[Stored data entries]
Segment Open
(* Let $\{e_n\}_{n\in\mathbb{Z}}$ be a sequence of i.i.d. real random variables, and let $q,d\ge 1$ be integers, $r\in\mathbb{R}$, and $\mu_1,\mu_2,\phi_1,\dots,\phi_q,\psi_1,\dots,\psi_q\in\mathbb{R}$. Define $$a_n=\mu_2+e_n+\sum_{i=1}^q\psi_ie_{n-i},\qquad b_n=\mu_1+e_n+\sum_{i=1}^q\phi_ie_{n-i},$$ $$U_n=\mathbb{1}(a_n\le r),\qquad W_n=\mathbb{1}(b_n\le r)-\mathbb{1}(a_n\le r).$$ Assume $\mathbb{P}(a_n\le r,\ b_n\le r)+\mathbb{P}(a_n>r,\ b_n>r)\neq 0$. Then the series $$\alpha_{n-d}=\sum_{j=1}^{\infty}\Big[\Big(\prod_{s=1}^{j-1}W_{n-sd}\Big)U_{n-jd}\Big]$$ (with the empty product equal to $1$) converges in $L^1$ and almost surely for every $n\in\mathbb{Z}$, and the TMA$(q)$ equation $$y_n=\begin{cases}\mu_1+e_n+\sum_{i=1}^q\phi_ie_{n-i}, & \text{if } y_{n-d}\le r,\\ \mu_2+e_n+\sum_{i=1}^q\psi_ie_{n-i}, & \text{if } y_{n-d}>r,\end{cases}\qquad n\in\mathbb{Z},$$ has a strictly stationary and ergodic solution given by $$y_n=\mu_2+e_n+\sum_{i=1}^q\psi_ie_{n-i}+\Big[(\mu_1-\mu_2)+\sum_{i=1}^q(\phi_i-\psi_i)e_{n-i}\Big]\alpha_{n-d}\quad\text{a.s.}$$ Moreover this solution is unique: any process $\{\tilde y_n\}_{n\in\mathbb{Z}}$ on the same probability space satisfying the TMA$(q)$ equation almost surely for all $n$ coincides with it almost surely for every $n$.
   Context: $\mathbb{1}(\cdot)$ denotes the indicator function. A solution of the TMA$(q)$ equation means a real-valued process $\{y_n\}_{n\in\mathbb{Z}}$ defined on the same probability space as $\{e_n\}$ such that the displayed equation holds almost surely for every $n\in\mathbb{Z}$. *)

From HB Require Import structures.
From mathcomp Require Import all_boot all_order all_algebra.
From mathcomp Require Import all_classical all_reals all_analysis.
Set Implicit Arguments. Unset Strict Implicit. Unset Printing Implicit Defensive.
Import Order.TTheory GRing.Theory Num.Theory.
Import numFieldNormedType.Exports.
Local Open Scope classical_set_scope.
Local Open Scope ring_scope.

Section TMA.
Context {dT : measure_display} {T : measurableType dT} {R : realType}.
Variable P : probability T R.

Definition mutually_independent (X : int -> T -> R) : Prop :=
  forall (s : seq int) (B : int -> set R), uniq s ->
    (forall i, measurable (B i)) ->
    P (\bigcap_(i in [set` s]) (X i @^-1` B i)) =
    (\prod_(i <- s) P (X i @^-1` B i))%E.

Definition identically_distributed (X : int -> T -> R) : Prop :=
  forall (i : int) (B : set R), measurable B ->
    P (X i @^-1` B) = P (X 0 @^-1` B).

Definition iid (X : int -> T -> R) : Prop :=
  (forall i, measurable_fun setT (X i)) /\
  mutually_independent X /\ identically_distributed X.

Definition cylinders : set (set (int -> R)) :=
  [set A | exists (i : int) (B : set R), measurable B /\
           A = (fun f : int -> R => f i) @^-1` B].

Definition path_measurable (A : set (int -> R)) : Prop := <<s cylinders >> A.

Definition shift (f : int -> R) : int -> R := fun n => f (n + 1).

Definition path (y : int -> T -> R) : T -> (int -> R) := fun w n => y n w.

Definition strictly_stationary (y : int -> T -> R) : Prop :=
  forall A, path_measurable A ->
    P (path y @^-1` (shift @^-1` A)) = P (path y @^-1` A).

Definition ergodic (y : int -> T -> R) : Prop :=
  forall A, path_measurable A -> shift @^-1` A = A ->
    P (path y @^-1` A) = 0%E \/ P (path y @^-1` A) = 1%E.

(** The model ingredients. phi, psi are used at indices 1..q. *)
Definition ma_part (mu : R) (coef : nat -> R) (q : nat) (e : int -> T -> R)
  (n : int) : T -> R :=
  fun w => mu + e n w + \sum_(1 <= i < q.+1) coef i * e (n - i%:Z) w.
Section DeltaJetContinuity.
Variables (p : nat) (R : idomainType) (K : fieldType) (iota : {rmorphism R -> K})
  (phi : {rmorphism R -> R}) (delta : R -> R) (m : nat).
Hypotheses (dvrR : dvr_with_uniformizer R p) (fracK : fraction_field_of iota)
  (deltaE : forall a, p%:R * delta a = phi a - a ^+ p).
Local Notation delta_jet := (delta_jet iota delta).

Lemma pdvd_deltaB e (x y : R) : pdvd p e.+1 (x - y) -> pdvd p e (delta x - delta y).
Proof.
move=> xy; apply: (@pdvd_cancel _ _ dvrR 1); rewrite expr1 mulrBr !deltaE.
have -> : phi x - x ^+ p - (phi y - y ^+ p) = phi (x - y) - (x ^+ p - y ^+ p).
  by rewrite rmorphB; ring.
by rewrite add1n; apply/pdvdB/pdvd_expB => //; apply: pdvd_rmorph.
Qed.

Lemma pdvd_iter_deltaB i e (x y : R) :
  pdvd p (e + i) (x - y) -> pdvd p e (iter i delta x - iter i delta y).
Proof. by elim: i e => [|i IHi] e; rewrite ?addn0 // addnS -addSn => /IHi /pdvd_deltaB. Qed.

Lemma delta_jet_poly_nonzero_open n (s : n.-tuple (nat * 'I_m)) (Q : {mpoly K[n]}) v :
  Q.@[delta_jet s v] != 0 -> exists e, forall w, pball p v e w -> Q.@[delta_jet s w] != 0.
Proof.
have [d d_neq0 [Q' hQ']] := clear_denominators Q fracK.
pose z v k := iter (tnth s k).1 delta (v (tnth s k).2).
have iotaQ' w : iota Q'.@[z w] = iota d * Q.@[delta_jet s w] by rewrite hQ'.
have iota_neq0 x : (iota x != 0) = (x != 0) by rewrite -(rmorph0 iota) (inj_eq fracK.1).
move=> Qv_neq0; have /(exists_not_pdvd dvrR)[e0 not_e0] : Q'.@[z v] != 0.
  by rewrite -iota_neq0 iotaQ' mulf_neq0 ?iota_neq0.
exists (e0 + \max_(x <- s) x.1)%N => w vw; apply: contra_notN not_e0 => /eqP Qw0.
have Q'w0 : Q'.@[z w] = 0 by apply: fracK.1; rewrite iotaQ' Qw0 mulr0 rmorph0.
suff : pdvd p e0 (Q'.@[z w] - Q'.@[z v]) by rewrite Q'w0 sub0r => /pdvdN; rewrite opprK.
apply: pdvd_meval => k.
by apply/pdvd_iter_deltaB/(pdvdW _ (vw _)); rewrite leq_add2l leq_jet_order.
Qed.

End DeltaJetContinuity.

Lemma pball_refl (R : comNzRingType) p m (u : pt R m) L : pball p u L u.
Proof. by move=> j; rewrite subrr; apply: pdvd0. Qed.

Lemma interior_closure_empty (R : comNzRingType) p m (X Z : subset_of R m) :
  (forall u, X u -> exists L, forall v, pball p u L v -> X v) ->
  (forall u L, exists v, pball p u L v /\ ~ Z v) ->
  (forall v, ~ Z v -> exists e, forall w, pball p v e w -> ~ Z w) ->
  forall u, ~ interior_in p X (closure_in p X (fun v => X v /\ Z v)) u.
Proof.
move=> X_open Zc_dense Zc_open u [Xu [N int_u]]; have [L0 X_L0] := X_open u Xu.
have [v [uv not_Zv]] := Zc_dense u (maxn N L0).
have Xv : X v := X_L0 v (fun j => pdvdW (leq_maxr N L0) (uv j)).
have [_ cl_v] := int_u v Xv (fun j => pdvdW (leq_maxl N L0) (uv j)).
have [e Zc_e] := Zc_open v not_Zv.
by have [a [[_ Za] va]] := cl_v e; apply: Zc_e va Za.
Qed.

Lemma box_open (R : comNzRingType) p m (b : pt R m) (Nb : 'I_m -> nat) u :
  (forall j, pdvd p (Nb j) (u j - b j)) ->
  exists L, forall v, pball p u L v -> forall j, pdvd p (Nb j) (v j - b j).
Proof.
move=> ub; exists (\max_j Nb j) => v uv j; rewrite -[v j](subrK (u j)) -addrA.
by apply/pdvdD/ub/(pdvdW _ (uv j)); apply: leq_bigmax.
Qed.

Definition poly_of_code (K : fieldType) (f : nat -> K) n (l : seq ('X_{1..n} * nat)) :
  {mpoly K[n]} := \sum_(x <- l) f x.2 *: 'X_[x.1].

Lemma exists_code (K : fieldType) (f : nat -> K) n (P : {mpoly K[n]}) :
  (forall mo, exists k, f k = P@_mo) -> exists l, poly_of_code f l = P.
Proof.
move=> f_onto; rewrite [X in exists l, _ = X]mpolyE.
elim: (msupp P) => [|mo r [l IHl]]; first by exists [::]; rewrite /poly_of_code !big_nil.
have [k fk] := f_onto mo; exists ((mo, k) :: l).
by rewrite /poly_of_code !big_cons -IHl fk.
Qed.

(* A code for a tuple of jet variables together with a polynomial whose coefficients are
   given by their indices in the enumeration f; codes form a countable type. *)
Definition jet_code m := {n : nat & n.-tuple (nat * 'I_m) * seq ('X_{1..n} * nat)}%type.

Section ZeroSets.
Variables (p : nat) (R : idomainType) (K : fieldType) (iota : {rmorphism R -> K})
  (phi : {rmorphism R -> R}) (delta : R -> R) (m : nat) (f : nat -> K).
Hypotheses (p_pr : prime p) (dvrR : dvr_with_uniformizer R p)
  (resR : residue_alg_closed R p) (frobR : frobenius_lift p phi)
  (deltaE : forall a, p%:R * delta a = phi a - a ^+ p) (fracK : fraction_field_of iota).
Lemma ket_proj_trace (n : nat) (a : 'I_n) : \tr (ket_proj a) = 1.
Proof. by rewrite /ket_proj mxtrace_mulC ket_dot eqxx mxtrace_scalar. Qed.

Lemma ket_proj_psd (n : nat) (a : 'I_n) (v : 'cV[C]_n) :
  0 <= (adj_mx v *m ket_proj a *m v) 0 0.
Proof.
rewrite /ket_proj mulmxA -mulmxA.
have -> : adj_mx (ket a) *m v = adj_mx (adj_mx v *m ket a) by rewrite adj_mx_mul adj_mxK.
by rewrite outer_entry mul_conjC_ge0.
Qed.

Lemma mxtrace_sum (n : nat) (I : Type) (r : seq I) (F : I -> 'M[C]_n) :
  \tr (\sum_(i <- r) F i) = \sum_(i <- r) \tr (F i).
Proof. exact: raddf_sum. Qed.

Section Preparation.
Variables (n : nat) (v : 'cV[C]_n).

Definition prepare_ops : seq 'M[C]_n := [seq v *m adj_mx (ket l) | l <- index_enum 'I_n].

Lemma prepare_ops_TP : adj_mx v *m v = 1%:M ->
  \sum_(K <- prepare_ops) adj_mx K *m K = 1%:M.
Proof.
move=> v_unit; rewrite big_map -sum_ket_outer; apply: eq_bigr => l _.
by rewrite adj_mx_mul adj_mxK -mulmxA (mulmxA (adj_mx v)) v_unit mul1mx.
Qed.

Lemma prepare_ops_apply (a : 'I_n) :
  \sum_(K <- prepare_ops) K *m ket_proj a *m adj_mx K = v *m adj_mx v.
Proof.
rewrite big_map (bigD1 a) //= big1 => [|l la]; last first.
  rewrite /ket_proj adj_mx_mul adj_mxK !mulmxA -(mulmxA v) ket_dot (negbTE la).
  by rewrite mul_mx_scalar scale0r !mul0mx.
rewrite addr0 /ket_proj adj_mx_mul adj_mxK !mulmxA -(mulmxA v) ket_dot eqxx mulmx1.
by rewrite -(mulmxA v) ket_dot eqxx mulmx1.
Qed.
Segment Closed
--- Problem to work on ---
Report each line of the entries where the word "shift" occurs.

--- Output for this task ---
Definition shift (f : int -> R) : int -> R := fun n => f (n + 1).
    P (path y @^-1` (shift @^-1` A)) = P (path y @^-1` A).
  forall A, path_measurable A -> shift @^-1` A = A ->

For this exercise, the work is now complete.